Chapter 7 - The Triumph of Righteousness
"My heart overfloweth with a goodly matter; I speak the things which I have made touching the king: my tongue is the pen of a ready writer. Thou art fairer than the children of men; grace is poured into thy lips; therefore God hath blessed thee for ever. Gird thy sword upon thy thigh, O mighty one, thy glory and thy majesty. And in thy majesty ride on prosperously, because of truth and meekness and righteousness: and thy right hand shall teach thee terrible things. Thine arrows are sharp; the peoples fall under thee; they are in the heart of the king's enemies. Thy throne, O God, is forever and ever: a sceptre of equity is the sceptre of thy kingdom. Thou hast loved righteousness, and hated wickedness: therefore God, thy God, hath anointed thee with the oil of gladness above thy fellows" (Psa. 45:1-7).
"...but of the Son he saith, Thy throne, O God, is forever and ever; and the sceptre of uprightness is the sceptre of thy kingdom. Thou hast loved righteousness, and hated iniquity; therefore God, thy God, hath anointed thee with the oil of gladness above thy fellows" (Heb. 1:8-9).
Into those two fragments of Scripture a great amount is gathered. In our previous meditation, we saw something, if it were but a little, of the meaning of the Cross of our Lord Jesus, and what judgment means. Now we move to the other aspect of the Cross, and come to the ground of righteousness. Sin unto judgment has so far held our attention; now, righteousness.
The Conflict Between Two Kingdoms
But may I just say here once more, for the sake of the setting of everything, that what we are seeking to see in these meditations is that the cosmic conflict between the two great kingdoms, the kingdom of Satan and the kingdom of God, of darkness and light, of death and life, is heading up in a very intense and comprehensive way at this time unto the end, and that the Lord's people everywhere are involved; and in a very real sense the conflict rests upon them for its issue. The Church is the eternally chosen instrument and vessel in and through which the absolute supremacy of the Lord Jesus is to be manifested and administered. Unto that a deep spiritual preparation has to be made on very practical grounds and along very practical lines, for these kingdoms are not just systems set up in an objective, external way. They are not political; they are not economic; they are not earthly in any sense. They are spiritual; and the very essence of their nature and strength and existence is a spiritual state, and that state is found within the very constitution of those who belong to the two kingdoms respectively. We have sought to see that the kingdom of Satan is really within man by nature. It is there in man's own nature that Satan now has his strength. On the other hand, the kingdom of the heavens is an inward thing. It is within you, and it is therefore a matter of inward constitution. Therefore one thing which arises for us is as to whether this kingdom, the kingdom of the heavens within the life of the people of God, is really going to manifest and express its supremacy, its ascendency; and that is what we are called unto, and that is really the challenge of these meditations.

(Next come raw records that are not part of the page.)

(* The complement $\mathbb{R}^3\setminus(\mathcal{C}\cup Son\cup Son')$ has exactly twelve connected components (six in the half-space $Y>0$ and six in the half-space $Y<0$, the two collections being exchanged by the reflection $(z,\tau,Y)\mapsto(z,\tau,-Y)$).
   Context: Fix $b_1>1$ and $c>0$. In $\mathbb{R}^3$ with coordinates $(z,\tau,Y)$, let $\mathcal{C}=\{Y=0\}$, let the sonic surface $Son$ be the zero set of $c\,z[(b_1+1)z^2+3]\tau+[(b_1+1)z^2-1]\frac{Y}{2}+\frac{c[(b_1-1)z^2+1]}{z^2+1}$, and let the sonic$'$ surface $Son'$ be the zero set of $c\,z[(b_1+1)z^2+3]\tau-[(b_1+1)z^2-1]\frac{Y}{2}+\frac{c[(b_1-1)z^2+1]}{z^2+1}$. *)

From HB Require Import structures.
From mathcomp Require Import all_boot all_order all_algebra.
From mathcomp Require Import all_classical all_reals all_analysis.
Set Implicit Arguments. Unset Strict Implicit. Unset Printing Implicit Defensive.
Import Order.TTheory GRing.Theory Num.Theory.
Import numFieldTopology.Exports numFieldNormedType.Exports.
Local Open Scope classical_set_scope.
Local Open Scope ring_scope.

(* Points of R^3 with coordinates (z, tau, Y) are represented as ((z, tau), Y). *)
Notation pt R := (R * R * R)%type.

Definition zc (R : realType) (p : pt R) : R := p.1.1.
Definition tauc (R : realType) (p : pt R) : R := p.1.2.
Definition Yc (R : realType) (p : pt R) : R := p.2.

Definition Cset (R : realType) : set (pt R) := [set p | Yc p = 0].

Definition son_fun (R : realType) (b1 c : R) (p : pt R) : R :=
  let z := zc p in
  c * z * ((b1 + 1) * z ^+ 2 + 3) * tauc p + ((b1 + 1) * z ^+ 2 - 1) * (Yc p / 2)
  + c * ((b1 - 1) * z ^+ 2 + 1) / (z ^+ 2 + 1).

Definition son'_fun (R : realType) (b1 c : R) (p : pt R) : R :=
  let z := zc p in
  c * z * ((b1 + 1) * z ^+ 2 + 3) * tauc p - ((b1 + 1) * z ^+ 2 - 1) * (Yc p / 2)
  + c * ((b1 - 1) * z ^+ 2 + 1) / (z ^+ 2 + 1).

Definition Son (R : realType) (b1 c : R) : set (pt R) := [set p | son_fun b1 c p = 0].
Definition Son' (R : realType) (b1 c : R) : set (pt R) := [set p | son'_fun b1 c p = 0].

Definition Omega (R : realType) (b1 c : R) : set (pt R) :=
  ~` (@Cset R `|` Son b1 c `|` Son' b1 c).

Definition components (R : realType) (b1 c : R) : set (set (pt R)) :=
  connected_component (Omega b1 c) @` (Omega b1 c).

Definition reflY (R : realType) (p : pt R) : pt R := (p.1, - p.2).

From HB Require Import structures.
From mathcomp Require Import all_boot all_order all_algebra.
From mathcomp Require Import all_classical all_reals all_analysis.
From mathcomp Require Import ring lra zify.
Import Order.TTheory GRing.Theory Num.Theory.
Import numFieldTopology.Exports numFieldNormedType.Exports.
Set Implicit Arguments. Unset Strict Implicit. Unset Printing Implicit Defensive.
Local Open Scope classical_set_scope.
Local Open Scope ring_scope.

(* The reflection (z, tau, Y) |-> (z, tau, -Y) swaps Son and Son' and exchanges
   the two half-spaces, so it suffices to count components in Y > 0.  For fixed
   z both sonic functions are affine in (tau, Y), hence a region of constant
   signs of Y, son and son' is convex in every plane z = const; it is then
   connected as soon as it has a continuous section over an interval of z's,
   and such sections are written down explicitly.  On the line z = 0 the sonic
   function [son'] is positive when Y > 0, so the two sign patterns with
   son' < 0 avoid z = 0 and split according to the sign of z: this gives
   2 + 2 * 2 = 6 components in each half-space. *)

Lemma pair_continuous (T U V : topologicalType) (f : T -> U) (g : T -> V) x :
  {for x, continuous f} -> {for x, continuous g} -> {for x, continuous (fun y => (f y, g y))}.
Proof. by move=> ? ?; rewrite /continuous_at; exact: cvg_pair. Qed.

Lemma connected_through (T : topologicalType) (A S : set T) :
  connected A -> A `<=` S ->
  (forall p, S p -> exists2 C, connected C /\ C `<=` S & C p /\ C `&` A !=set0) ->
  connected S.
Proof.
move=> cA AS joinS.
have [A0|/set0P[a Aa]] := eqVneq A set0.
  suff -> : S = set0 by exact: connected0.
  by apply/seteqP; split=> // p /joinS[C _ [_ [q []]]]; rewrite A0.
pose links := [set C | [/\ connected C, C `<=` S & C `&` A !=set0]].
have -> : S = \bigcup_(C in links) (C `|` A).
  apply/seteqP; split=> [p /joinS[C [cC CS] [Cp CA]]|p [C [_ CS _]] [/CS|/AS]] //.
  by exists C => //; left.
apply: bigcup_connected; first by exists a => C _; right.
by move=> C [cC _ CA]; apply: connectedU.
Qed.

Section connectedness.
Context {R : realType}.

Lemma connected_sign_constant (T : topologicalType) (S : set T) (f : T -> R) :
  connected S -> {within S, continuous f} -> (forall x, S x -> f x != 0) ->
  forall x y, S x -> S y -> (0 < f x) = (0 < f y).
Proof.
move=> cS cf f_neq0.
have itv : is_interval (f @` S) by exact/connected_intervalP/connected_continuous_connected.
have sign_change x y : S x -> S y -> 0 < f x -> f y <= 0 -> False.
  move=> Sx Sy fx_gt0 fy_le0.
  have [r Sr fr0] : (f @` S) 0 by apply: (itv (f y) (f x)); [exists y|exists x|rewrite fy_le0 ltW].
  by move: (f_neq0 r Sr); rewrite fr0 eqxx.
move=> x y Sx Sy; have [fx|fx] := ltP 0 (f x); have [fy|fy] := ltP 0 (f y) => //.
- by case: (sign_change x y).
- by case: (sign_change y x).
Qed.

Lemma convex_connected (V : normedModType R) (S : set V) :
  (forall a b t, S a -> S b -> 0 <= t <= 1 -> S ((1 - t) *: a + t *: b)) ->
  connected S.
Proof.
move=> convS; have [->|/set0P[a Sa]] := eqVneq S set0; first exact: connected0.
pose seg b t := (1 - t) *: a + t *: b.
have -> : S = \bigcup_(b in S) (seg b @` `[0, 1]).
  apply/seteqP; split=> [b Sb|_ [b Sb [t + <-]]].
    exists b => //; exists 1; first by rewrite /= in_itv/= lexx ler01.
    by rewrite /seg subrr scale0r add0r scale1r.
  by rewrite /= in_itv/= => t01; exact: convS.
apply: bigcup_connected.
  exists a => b Sb; exists 0; first by rewrite /= in_itv/= lexx ler01.
  by rewrite /seg subr0 scale1r scale0r addr0.
move=> b _; apply: connected_continuous_connected; first exact: segment_connected.
apply: continuous_subspaceT => t; apply: cvgD; apply: cvgZr_tmp => //.
by apply: cvgB => //; exact: cvg_cst.
Qed.
End connectedness.

Definition has_sign {R : realDomainType} (b : bool) (x : R) : Prop :=
  if b then 0 < x else x < 0.

Lemma has_signP {R : realDomainType} b (x : R) :
  has_sign b x <-> x != 0 /\ (0 < x) = b.
Proof.
case: b; rewrite /has_sign; first by split=> [x_gt0|[]//]; rewrite gt_eqF.
split=> [x_lt0|[x_neq0 /negbT]]; first by rewrite lt_eqF // ltNge ltW.
by rewrite -leNgt le_eqVlt (negbTE x_neq0).
Qed.

Lemma has_sign_unit {R : realDomainType} w : has_sign w (if w then 1 else -1 : R).
Proof. by case: w; rewrite /has_sign ?ltrN10. Qed.

Lemma has_sign_convex {R : realFieldType} b (x y t : R) : 0 <= t <= 1 ->
  has_sign b x -> has_sign b y -> has_sign b ((1 - t) * x + t * y).
Proof. by case/andP=> t_ge0 t_le1; rewrite /has_sign; case: b => x_sgn y_sgn; nra. Qed.

Lemma has_signMl {R : realDomainType} b (k x : R) :
  0 < k -> has_sign b x -> has_sign b (k * x).
Proof. by case: b => k_gt0 /=; rewrite /has_sign ?pmulr_rgt0 ?pmulr_rlt0. Qed.

Lemma has_sign_at_ratio {R : realFieldType} b (X D u : R) : 0 < D -> 0 < u ->
  has_sign b (2 * u + X) -> has_sign b (X * (D / u / 2) + D).
Proof.
move=> D_gt0 u_gt0; have -> : X * (D / u / 2) + D = D / (2 * u) * (2 * u + X).
  by field; rewrite gt_eqF.
by apply: has_signMl; rewrite divr_gt0 ?mulr_gt0.
Qed.

Lemma sqr_add1_gt0 {R : realDomainType} (z : R) : 0 < z ^+ 2 + 1.
Proof. by rewrite ltr_pwDr ?sqr_ge0. Qed.

Lemma convex_id {R : pzRingType} (x t : R) : (1 - t) * x + t * x = x.
Proof. by rewrite -mulrDl subrK mul1r. Qed.

Lemma neq0_oppr_gt0 {R : realDomainType} (x : R) : x != 0 -> (0 < - x) = ~~ (0 < x).
Proof. by move=> x_neq0; rewrite oppr_gt0 ltNge le_eqVlt eq_sym (negbTE x_neq0). Qed.

Lemma sqr_le_between {R : realDomainType} (x m y : R) :
  x <= m <= y -> m ^+ 2 <= x ^+ 2 \/ m ^+ 2 <= y ^+ 2.
Proof. by case/andP=> xm my; have [m_ge0|m_lt0] := leP 0 m; [right|left]; nra. Qed.

Definition half_label (inner outer w : bool) : nat :=
  if outer then (if inner then 0 else 1)
  else if inner then (if w then 2 else 3) else (if w then 4 else 5).

Definition half_offset (e : bool) : nat := if e then 0 else 6.

Definition sign_label (e inner outer w : bool) : nat :=
  (half_offset e + half_label inner outer w)%N.

Definition flip_half (i : nat) : nat := if (i < 6)%N then (6 + i)%N else (i - 6)%N.

Lemma sign_label_lt12 e i o w : (sign_label e i o w < 12)%N.
Proof. by case: e i o w => [] [] [] []. Qed.

Lemma sign_label_lt6 e i o w : (sign_label e i o w < 6)%N = e.
Proof. by case: e i o w => [] [] [] []. Qed.

Lemma sign_label_inj e i o w e' i' o' w' :
  sign_label e i o w = sign_label e' i' o' w' -> [/\ e = e', i = i' & o = o'].
Proof. by case: e i o w e' i' o' w' => [] [] [] [] [] [] [] []. Qed.

Lemma sign_label_inj_w e i w w' :
  sign_label e i false w = sign_label e i false w' -> w = w'.
Proof. by case: e i w w' => [] [] [] []. Qed.

Lemma sign_label_flip e i o w : sign_label (~~ e) i o w = flip_half (sign_label e i o w).
Proof. by case: e i o w => [] [] [] []. Qed.

Lemma half_offset_lt6 e (k : 'I_6) : (half_offset e + k < 6)%N = e.
Proof. by have := ltn_ord k; case: e; rewrite /half_offset; lia. Qed.

Lemma half_offset_lt12 e (k : 'I_6) : (half_offset e + k < 12)%N.
Proof. by have := ltn_ord k; case: e; rewrite /half_offset; lia. Qed.

Lemma half_offsetP e i : (i < 12)%N -> (i < 6)%N = e ->
  exists k : 'I_6, (half_offset e + k)%N = i.
Proof.
move=> i_lt12 <-; have [i_lt6|i_ge6] := ltnP i 6; first by exists (Ordinal i_lt6).
have j_lt6 : (i - 6 < 6)%N by lia.
by exists (Ordinal j_lt6); rewrite /half_offset /=; lia.
Qed.

Lemma flip_halfK i : (i < 12)%N -> flip_half (flip_half i) = i.
Proof. by do 12?[case: i => [|i] //]. Qed.

Section coordinates.
Variable R : realType.

Lemma zc_continuous : continuous (@zc R).
Proof. by move=> p; apply: cvg_comp; exact: cvg_fst. Qed.

Lemma tauc_continuous : continuous (@tauc R).
Proof. by move=> p; apply: cvg_comp; [exact: cvg_fst|exact: cvg_snd]. Qed.

Lemma Yc_continuous : continuous (@Yc R).
Proof. by move=> p; exact: cvg_snd. Qed.

Lemma reflY_continuous : continuous (@reflY R).
Proof.
move=> p; rewrite /reflY; apply: pair_continuous; first exact: cvg_fst.
by apply: cvgN; exact: cvg_snd.
Qed.

Lemma zc_convex (a b : pt R) t : zc ((1 - t) *: a + t *: b) = (1 - t) * zc a + t * zc b.
Proof. by []. Qed.

Lemma tauc_convex (a b : pt R) t : tauc ((1 - t) *: a + t *: b) = (1 - t) * tauc a + t * tauc b.
Proof. by []. Qed.

Lemma Yc_convex (a b : pt R) t : Yc ((1 - t) *: a + t *: b) = (1 - t) * Yc a + t * Yc b.
Proof. by []. Qed.

End coordinates.

Ltac continuity :=
  try unfold prop_for, continuous_at; cbv beta;
  repeat lazymatch goal with
  | |- cvg_to (nbhs (fmap (fun _ => ?k) _)) _ => exact: cvg_cst
  | |- cvg_to (nbhs (fmap (fun x => x) _)) _ => exact: cvg_id
  | |- cvg_to (nbhs (fmap (fun x => zc x) _)) _ => exact: zc_continuous
  | |- cvg_to (nbhs (fmap (fun x => tauc x) _)) _ => exact: tauc_continuous
  | |- cvg_to (nbhs (fmap (fun x => Yc x) _)) _ => exact: Yc_continuous
  | |- cvg_to (nbhs (fmap (fun x => @?f x + @?g x) _)) _ => apply: (cvgD (f := f) (g := g))
  | |- cvg_to (nbhs (fmap (fun x => - @?f x) _)) _ => apply: (cvgN (f := f))
  | |- cvg_to (nbhs (fmap (fun x => @?f x * @?g x) _)) _ => apply: (cvgM (f := f) (g := g))
  | |- cvg_to (nbhs (fmap (fun x => @?f x ^+ 2) _)) _ => apply: (cvgM (f := f) (g := f))
  | |- cvg_to (nbhs (fmap (fun x => (@?f x)^-1) _)) _ => apply: (cvgV (f := f))
  end.

Section sonic.
Variables (R : realType) (b1 c : R).
Hypotheses (hb1 : 1 < b1) (hc : 0 < c).

Local Notation son := (son_fun b1 c).
Local Notation son' := (son'_fun b1 c).
Local Notation Omega := (Omega b1 c).

Definition coefA (z : R) := c * z * ((b1 + 1) * z ^+ 2 + 3).
Definition coefB (z : R) := (b1 + 1) * z ^+ 2 - 1.
Definition coefD (z : R) := c * ((b1 - 1) * z ^+ 2 + 1) / (z ^+ 2 + 1).

Lemma son_funE p :
  son p = coefA (zc p) * tauc p + coefB (zc p) * (Yc p / 2) + coefD (zc p).
Proof. by []. Qed.

Lemma son'_funE p :
  son' p = coefA (zc p) * tauc p - coefB (zc p) * (Yc p / 2) + coefD (zc p).
Proof. by []. Qed.

Lemma coefD_gt0 z : 0 < coefD z.
Proof.
apply: divr_gt0 (sqr_add1_gt0 z); apply: mulr_gt0 => //.
by rewrite ltr_wpDl // mulr_ge0 ?sqr_ge0 // subr_ge0 ltW.
Qed.

Lemma coefA_eq0 z : (coefA z == 0) = (z == 0).
Proof.
have : 0 < (b1 + 1) * z ^+ 2 + 3 by have := sqr_ge0 z; have := hb1; nra.
by rewrite /coefA !mulf_eq0 (gt_eqF hc) => /gt_eqF ->; rewrite orbF.
Qed.

Lemma son_reflY p : son (reflY p) = son' p.
Proof. by rewrite /son_fun /reflY /= mulNr mulrN. Qed.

A Kingdom Ruled in Righteousness
Now we shall pursue that in an inward way again - as to what it means; but this time, on the side of righteousness. You notice that we read, "Of the Son he saith, Thy throne, O God." Do not draw mechanical lines between the kingdom of the Son of God's love and the kingdom of God. It is the same thing in meaning and value and effect. "Delivered us out of the power (authority) of darkness, and translated us into the kingdom of the Son of his love" (Col. 1:13). What kingdom is that? "Thy throne, O God," He saith of the Son, "is forever and ever" - an everlasting kingdom: the same phrase as is used in the Old Testament of the kingdom of the Most High God (Dan. 4:23). "The sceptre of uprightness is the sceptre of thy kingdom. Thou hast loved righteousness, and hated iniquity; therefore God, thy God, hath anointed thee...."

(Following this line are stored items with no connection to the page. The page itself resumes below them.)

Lemma coord_vsum_vmask_at P k0 j : List.nth_error s k0 = Some j ->
  coord (vsum (size s) (vmask P supp_term)) j = if P k0 then coord x j else 0.
Proof.
move=> Ek0; have k0s : (k0 < size s)%N by rewrite nth_error_size Ek0.
rewrite coord_vsum (bigD1 (Ordinal k0s)) //= big1 ?addr0.
  rewrite /vmask /supp_term Ek0; case: (P k0) => //=.
  by case: excluded_middle_informative.
move=> k /eqP kk0; rewrite /vmask /supp_term.
case: (P k) => //; case Ek: List.nth_error => [i|] //=.
case: excluded_middle_informative => // ji; case: kk0; apply: val_inj => /=.
apply: (proj1 (List.NoDup_nth_error s) s_nodup).
  by apply/List.nth_error_Some; rewrite Ek.
by rewrite Ek Ek0 ji.
Qed.

Lemma vsum_supp_term : vsum (size s) supp_term = x.
Proof.
apply: freemod_ext => j; case: (Classical_Prop.classic (List.In j s)) => js.
  by have [k Ek] := List.In_nth_error _ _ js; rewrite -(coord_vsum_vmask_at xpredT Ek).
rewrite (coord_vsum_vmask_out xpredT js).
by apply/esym; have [//|/s_supp] := eqVneq (coord x j) 0.
Qed.

Lemma vsum_vmask_supp_term (K : seq nat) :
  vsum (size s) (vmask (mem K) supp_term) = x -> (size s <= size K)%N.
Proof.
move=> Kx; rewrite -[X in (X <= _)%N](size_iota 0); apply: uniq_leq_size (iota_uniq 0 _) _ => k.
rewrite mem_iota add0n nth_error_size; case Ek: List.nth_error => [j|] // _.
have := coord_vsum_vmask_at (mem K) Ek; rewrite Kx; case: ifP => // _ xj0.
by have := List.nth_error_In _ _ Ek; rewrite s_supp xj0 eqxx.
Qed.

Lemma supp_card_le_size : supp_card_le x (size s).
Proof. by exists s; split=> // i /s_supp. Qed.
End SupportDecomposition.

Lemma vscale0 (x : V) : vscale 0 x = vzero I R.
Proof. by apply: freemod_ext => i /=; rewrite mul0r. Qed.

Section QuadraticForm.
Variables (q : V -> R) (b : V -> V -> R).
Hypothesis qZ : forall (a : R) (x : V), q (vscale a x) = a ^+ 2 * q x.
Hypothesis bC : forall x y, b x y = b y x.
Hypothesis bD : forall x y z, b (vadd x y) z = b x z + b y z.
Hypothesis bZ : forall (a : R) x y, b (vscale a x) y = a * b x y.
Hypothesis qD : forall x y, q (vadd x y) = q x + q y + b x y.

Lemma q_vzero : q (vzero I R) = 0.
Proof. by rewrite -(vscale0 (vzero I R)) qZ expr2 !mul0r. Qed.

Lemma b_vzero_l y : b (vzero I R) y = 0.
Proof. by rewrite -(vscale0 (vzero I R)) bZ mul0r. Qed.

Lemma b_vzero_r y : b y (vzero I R) = 0.
Proof. by rewrite bC b_vzero_l. Qed.

Lemma b_vsum n (u : nat -> V) y : b (vsum n u) y = \sum_(k < n) b (u k) y.
Proof. by apply: (big_morph (b^~ y) (id1 := 0) (op1 := +%R)) => [v w|]; rewrite ?bD ?b_vzero_l. Qed.

Lemma q_vsum n (u : nat -> V) :
  q (vsum n u) = \sum_(k < n) (q (u k) + \sum_(l < k) b (u l) (u k)).
Proof.
elim: n => [|n IH]; first by rewrite !big_ord0 q_vzero.
by rewrite !big_ord_recr /= qD IH b_vsum -addrA.
Qed.

(* Indexing the expansion of [q (vsum n u)] by all pairs makes it a sum over
   a finite type. *)
Definition qterm (u : nat -> V) n (p : 'I_n * 'I_n) : R :=
  if (p.2 < p.1)%N then b (u p.2) (u p.1)
  else if p.2 == p.1 then q (u p.1) else 0.

Lemma q_vsum_qterm n (u : nat -> V) : q (vsum n u) = \sum_(p : 'I_n * 'I_n) qterm u p.
Proof.
transitivity (\sum_(i < n) \sum_(j < n) qterm u (i, j)); last first.
  by rewrite pair_bigA; apply: eq_bigr => -[].
rewrite q_vsum; apply: eq_bigr => k _.
rewrite (bigID (fun j : 'I_n => (j < k)%N)) /= addrC; congr (_ + _).
  rewrite (bigD1 k) /= ?ltnn // /qterm /= ltnn eqxx big1 ?addr0 //.
  by move=> j /andP [/negbTE -> /negbTE ->].
rewrite (big_ord_widen n (fun l => b (u l) (u k)) (ltnW (ltn_ord k))).
by apply: eq_bigr => j jk; rewrite /qterm /= jk.
Qed.

Lemma qterm_vmask P (u : nat -> V) n (p : 'I_n * 'I_n) :
  qterm (vmask P u) p = if P p.1 && P p.2 then qterm u p else 0.
Proof.
case: p => i j; rewrite /qterm /vmask /=.
have [->|ji] := eqVneq j i; first by rewrite ltnn andbb; case: (P i); rewrite ?q_vzero.
by case: (P i); case: (P j) => /=; case: ifP; rewrite ?b_vzero_l ?b_vzero_r.
Qed.
Lemma exists_few_vmask_q_vsum n (u : nat -> V) : supertropical R ->
  exists K : seq nat, [/\ (size K <= 4)%N,
    tangible (q (vsum n u)) -> (size K <= 2)%N &
    q (vsum n (vmask (mem K) u)) = q (vsum n u)].
Proof.
move=> HR; have [C [C2 C1 CM]] := big_dominant_terms HR (@qterm u n).
exists ([seq val p.1 | p <- C] ++ [seq val p.2 | p <- C]).
rewrite size_cat !size_map q_vsum_qterm; split.
- exact: (leq_add C2 C2).
- by move=> /C1 C_le1; exact: (leq_add C_le1 C_le1).
- rewrite q_vsum_qterm; under eq_bigr do rewrite qterm_vmask.
  rewrite -big_mkcond; apply: CM => p Cp /=; rewrite unfold_in /= !mem_cat.
  by apply/andP; split; apply/orP; [left|right]; exact: map_f.
Qed.
End QuadraticForm.
End FreeModule.

Theorem proposition6p4 (R : comPzSemiRingType) (I : Type)
  (q : freemod I R -> R) (x : freemod I R) :
  supertropical R -> is_quadratic_form q ->
  x <> vzero I R -> q_minimal q x ->
  (tangible (q x) -> supp_card_le x 2) /\
  (ghost (q x) -> supp_card_le x 4).
Proof.
move=> HR [qZ [b [bC [bD [bZ qD]]]]] _ xmin.
have [s [s_nodup s_supp]] := exists_supp_list x.
have xE := vsum_supp_term s_nodup s_supp.
have [K [K4 K2 qKE]] := exists_few_vmask_q_vsum qZ bC bD bZ qD (size s) (supp_term x s) HR.
rewrite xE in K2 qKE.
have xKE : \big[@vadd I R/vzero I R]_(k < size s) vmask (mem K) (supp_term x s) k = x.
  apply: q_minimal_eq xmin _ qKE; rewrite -[in X in vle _ X]xE.
  exact: vle_vsum_vmask.
have s_le := vsum_vmask_supp_term s_nodup s_supp xKE.
have supp_s := supp_card_le_size s_supp.
split=> [qxT | _]; apply: supp_card_le_leq supp_s; apply: leq_trans s_le _.
  exact: K2.
exact: K4.
Qed.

Righteousness the Expression of The Righteous One
Now, if the kingdom of Satan is based upon sin, and if sin is what we have said it is - rebellion, perversity, with all its outworking: pride: self in all its forms; unto enmity against God, separation from God, and utter impotence and helplessness to redeem itself - if that is the basis of the kingdom of Satan, then the kingdom of God is based on righteousness; that is, upon that which is exactly the opposite of sin. If Satan is the embodiment of sin, then Christ must be the embodiment of righteousness, when rightly understood. The point is that it is something personal, not abstract or something in itself. Do not talk about sin as some abstract thing. Sin is the expression of a person. Satan is sin, and all that emanates from him is sin. In like manner, Christ is righteousness, and the righteousness which is of God is Christ, Who is made unto us from God righteousness (1 Cor. 1:30). He is "the Righteous One" (Acts 3:14). It is personal. We need to say that and emphasize it, so that we shall not get any kind of mentality that we are dealing with things. We are dealing ultimately with persons, and therefore with kingdoms. On both sides it resolves itself into 'Who?' not 'What?' Who is going to have the kingdom?

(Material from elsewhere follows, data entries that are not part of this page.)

Theorem proposition3p3
  (K : fieldType) (Kbar : closedFieldType) (iota : {rmorphism K -> Kbar})
  (Halg : is_algebraic_over iota)
  (l : Kbar -> Prop)
  (Hl_fin : is_finite_ext iota l)
  (Hl_normal : is_normal_ext iota l)
  (Hl_simple : is_simple_ext iota l) :
  forall N : nat, exists n : nat, (N <= n)%N /\
    exists F : {mpoly K[n.+1]}, is_hypersurface F /\ is_normic_form iota l F.
Proof.
move=> N; have [a l_adjoin] := Hl_simple.
have [p [p_neq0 pa]] := Halg a.
have [f [f_neq0 fa f_min]] := minimal_poly_exists p_neq0 pa.
have f_irr := minimal_poly_irreducible f_neq0 fa f_min.
have f_nonconst : (1 < size f)%N by case: f_irr.
exists N.+1; split => //; exists (normic_form f N.+1 N.+1).
split; first exact: normic_form_hypersurface.
move=> k' [k'_ext _]; split.
  move/(normic_form_point_root f_nonconst k'_ext).
  exact: normal_simple_ext_sub l_adjoin Hl_normal f_irr fa k'_ext.
move=> l_sub_k'; have k'a : k' a by apply/l_sub_k'/l_adjoin.
exact: (normic_form_root_point f_nonconst (ltn0Sn N) k'_ext k'a fa).
Qed.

Now if 'kingdom' suggests dominion, authority, power - as, of course, it does - then dominion, authority, power, rest upon and spring from a nature. They are not official, exercised and asserted by an appointment. They spring from the nature of the person or persons concerned; that is, you and I will know no more of Divine power than we know of Divine nature, of Divine likeness. Our spiritual power, dominion, authority over the power of the enemy, depend upon nothing other than our nearness to God and our likeness to Him. Any system of teaching about authority which takes up a certain kind of phraseology and begins to throw about phrases at the enemy without a deep knowledge of the basis of authority is a most dangerous and pernicious thing, and will involve all concerned in inevitable trouble from which it will not be easy to extricate them. This is not just a statement of ideas, this is fact. Some of us have seen the devil make awful havoc of people who stood up talking about Satan being a defeated foe, and throwing at him phrases from the Bible. The end of that has been scattering and shattering. But that does not mean that there is no such thing as authority over the enemy. What I am trying to emphasize is that it is necessary to know the basis of authority, and that basis is what is here meant by righteousness.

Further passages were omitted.